In particular, if an instance declaration is in the same module as the definition of any type or class mentioned in the head of the instance declaration, then GHC has to visit that interface file anyway. Example:
module A where instance C a => D (T a) where ... data T a = ... |
The instance declaration is only relevant if the type T is in use, and if so, GHC will have visited A's interface file to find T's definition.
The only problem comes when a module contains an instance declaration and GHC has no other reason for visiting the module. Example:
module Orphan where instance C a => D (T a) where ... class C a where ... |
An orphan module contains at least one orphan instance or at least one orphan rule.
An instance declaration in a module M is an orphan instance if none of the type constructors or classes mentioned in the instance head (the part after the ``=>'') are declared in M.
Only the instance head counts.

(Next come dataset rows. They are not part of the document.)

(* The system is first order in (u, weight u', P, weight P'), and its coefficients
   are bounded on [-x0, x0]; zero Cauchy data at x0 force the solution to vanish. *)
Lemma Lk_system_unique a u u' P P' :
  Lk_solution x0 k2 u u' P -> Lk_solution x0 k2 P P' (fun x => a * P x) ->
  u x0 = 0 -> u' x0 = 0 -> P x0 = 0 -> P' x0 = 0 -> forall x, Iv x0 x -> u x = 0.
Proof.
  intros Hu HP Hu0 Hu'0 HP0 HP'0 x Hx.
  set (y1 := extend x0 u); set (y2 := extend x0 (fun y => weight y * u' y)).
  set (y3 := extend x0 P); set (y4 := extend x0 (fun y => weight y * P' y)).
  set (al := fun t => / extend x0 weight t); set (q := extend x0 (potential k2)).
  set (g := fun t => y1 t ^ 2 + y2 t ^ 2 + y3 t ^ 2 + y4 t ^ 2).
  set (M := 1 + Rabs a + (1 + k2) / (1 - x0 ^ 2)).
  assert (Hsq : forall r, 0 <= r ^ 2) by (intros; apply pow2_ge_0).
  assert (Hg : g x = 0).
  { apply (gronwall_vanish g (fun t => 2 * (y1 t * (y2 t * al t) + y2 t * (y3 t + q t * y1 t)
                                + y3 t * (y4 t * al t) + y4 t * (a * y3 t + q t * y3 t)))
                           (5 * M) (- x0) x0 x); auto.
    - intros t; destruct Hu, HP; unfold g; repeat apply continuity_pt_plus; apply continuity_pt_sqr; auto.
    - intros t Ht; assert (Hw : weight t <> 0)
        by (pose proof (weight_clamp_ge t); rewrite clamp_id in * by (unfold Iv; lra); lra).
      assert (Hd : forall (f : R -> R) (l1 l2 : R), l1 = l2 -> is_derive f t l1 -> is_derive (extend x0 f) t l2)
        by (intros f l1 l2 <- Hf; apply is_derive_extend; auto).
      assert (Hext : forall f, extend x0 f t = f t) by (intros; apply extend_id; unfold Iv; lra).
      replace (2 * _) with (2 * y1 t * (y2 t * al t) + 2 * y2 t * (y3 t + q t * y1 t)
                            + 2 * y3 t * (y4 t * al t) + 2 * y4 t * (a * y3 t + q t * y3 t)) by ring.
      unfold g; repeat apply is_derive_plusR; apply is_derive_sqr.
      + apply (Hd _ (u' t)); [| apply (Lk_derive _ _ _ _ _ Hu t Ht)].
        unfold y2, al; rewrite !Hext; field; auto.
      + apply (Hd _ (P t + potential k2 t * u t)); [| apply (Lk_derive_flux _ _ _ _ _ Hu t Ht)].
        unfold y3, q, y1; rewrite !Hext; ring.
      + apply (Hd _ (P' t)); [| apply (Lk_derive _ _ _ _ _ HP t Ht)].
        unfold y4, al; rewrite !Hext; field; auto.
      + apply (Hd _ (a * P t + potential k2 t * P t)); [| apply (Lk_derive_flux _ _ _ _ _ HP t Ht)].
        unfold y3, q; rewrite !Hext; ring.
    - intros t _; destruct (Lk_coefficients_bound a t M (Rle_refl _)) as [Hal [Hq [Haq HM]]].
      apply Lk_system_bound; auto.
    - unfold g; pose proof (Hsq (y1 x)); pose proof (Hsq (y2 x)); pose proof (Hsq (y3 x));
        pose proof (Hsq (y4 x)); lra.
    - unfold g, y1, y2, y3, y4; rewrite !extend_id by (unfold Iv; lra).
      rewrite Hu0, Hu'0, HP0, HP'0; ring. }
  unfold g in Hg; pose proof (Hsq (y1 x)); pose proof (Hsq (y2 x)); pose proof (Hsq (y3 x));
    pose proof (Hsq (y4 x)).
  assert (Hy1 : y1 x ^ 2 = 0) by lra.
  unfold y1 in Hy1; rewrite extend_id in Hy1 by auto; nra.
Qed.

Lemma real_eigenpair_form_le a u u' P P' Rb : 0 < Rb -> - a <= Rb ->
  real_eigenpair x0 k2 a u u' P P' -> Lk_form x0 k2 u u' u u' <= Rb * inner x0 u u.
Proof.
  intros HR Ha He; destruct (real_eigenpair_identities _ _ _ _ _ He) as [E1 E2].
  destruct He as [Hu HP _].
  assert (CP := Lk_cont _ _ _ _ _ HP); assert (Cu := Lk_cont _ _ _ _ _ Hu).
  assert (En := Lk_form_ge0 _ _ _ Hu).
  (* expand 0 <= |P + Rb u|^2 *)
  set (w := fun x => 1 * P x + Rb * u x).
  assert (Cw : forall x, continuity_pt (extend x0 w) x) by (intros; unfold w, extend; solve_continuity).
  assert (N := inner_ge0 w Cw).
  unfold w at 1 in N; rewrite inner_lin, (inner_comm P w), (inner_comm u w) in N by auto.
  unfold w in N; rewrite !inner_lin, (inner_comm u P), E1, E2 in N by auto.
  set (E0 := Lk_form x0 k2 u u' u u') in *.
  assert (Rb * E0 <= Rb * (Rb * inner x0 u u)) by nra.
  apply Rmult_le_reg_l with Rb; auto.
Qed.

(* Cauchy-Schwarz on f(s) = RInt f' from -x0 to s, and weight >= 1 - x0^2. *)
Lemma sqr_le_Lk_form f f' F s : Lk_solution x0 k2 f f' F -> f (- x0) = 0 -> Iv x0 s ->
  extend x0 f s ^ 2 <= 2 * x0 / (1 - x0 ^ 2) * Lk_form x0 k2 f f' f f'.
Proof.
  intros Hf Hf0 Hs.
  assert (Cd := fun x => continuity_pt_extend_derivative f f' F x Hf).
  assert (Cd2 : forall x, continuity_pt (fun x => extend x0 f' x ^ 2) x)
    by (intros; apply continuity_pt_sqr; auto).
  assert (Hw := weight_clamp_ge 0); unfold Iv in Hs.
  assert (Hftc : RInt (extend x0 f') (- x0) s = extend x0 f s).
  { rewrite (RInt_derive_interior (extend x0 f)); [| lra | apply (Lk_cont _ _ _ _ _ Hf) | auto |].
    - rewrite (extend_id x0 f (- x0)), Hf0 by (unfold Iv; lra); apply Rminus_0_r.
    - intros x Hx; apply is_derive_extend; [lra |].
      rewrite extend_id by (unfold Iv; lra); apply (Lk_derive _ _ _ _ _ Hf); lra. }
  assert (HCS := RInt_sqr_le (extend x0 f') (- x0) s ltac:(lra) Cd); rewrite Hftc in HCS.
  set (I := RInt (fun x => extend x0 f' x ^ 2) (- x0) x0).
  assert (Hsub : RInt (fun x => extend x0 f' x ^ 2) (- x0) s <= I).
  { unfold I; rewrite <- (RInt_ChaslesR _ (- x0) s x0) by (apply ex_RInt_continuity; auto).
    assert (0 <= RInt (fun x => extend x0 f' x ^ 2) s x0); [| lra].
    apply RInt_ge_0; [lra | apply ex_RInt_continuity; auto | intros; apply pow2_ge_0]. }
  assert (Hform : (1 - x0 ^ 2) * I <= Lk_form x0 k2 f f' f f').
  { unfold I; rewrite <- RInt_scalR by (apply ex_RInt_continuity; auto).
    apply RInt_le; [lra | apply ex_RInt_continuity; intros; solve_continuity | |].
    - apply ex_RInt_continuity; intros; apply (continuity_pt_Lk_form_density _ _ F); auto.
    - intros x _; pose proof (weight_clamp_ge x); pose proof (potential_clamp_bound x).
      unfold extend in *; pose proof (Rle_0_sqr (f (clamp x0 x))); pose proof (pow2_ge_0 (f' (clamp x0 x))).
      unfold Rsqr in *; nra. }
  assert (HI0 : 0 <= RInt (fun x => extend x0 f' x ^ 2) (- x0) s)
    by (apply RInt_ge_0; [lra | apply ex_RInt_continuity; auto | intros; apply pow2_ge_0]).
  assert (HI : I <= Lk_form x0 k2 f f' f f' / (1 - x0 ^ 2))
    by (apply Rmult_le_reg_l with (1 - x0 ^ 2); [lra |]; field_simplify; lra).
  assert (extend x0 f s ^ 2 <= 2 * x0 * I) by nra.
  unfold Rdiv in *; nra.
Qed.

In the example above, it is not good enough for C's declaration to be in module A; it must be the declaration of D or T.
A rewrite rule in a module M is an orphan rule if none of the variables, type constructors, or classes that are free in the left hand side of the rule are declared in M.
GHC identifies orphan modules, and visits the interface file of every orphan module below the module being compiled. This is usually wasted work, but there is no avoiding it. You should therefore do your best to have as few orphan modules as possible.
You can identify an orphan module by looking in its interface file, M.hi, using the --show-iface. If there is a ``!'' on the first line, GHC considers it an orphan module.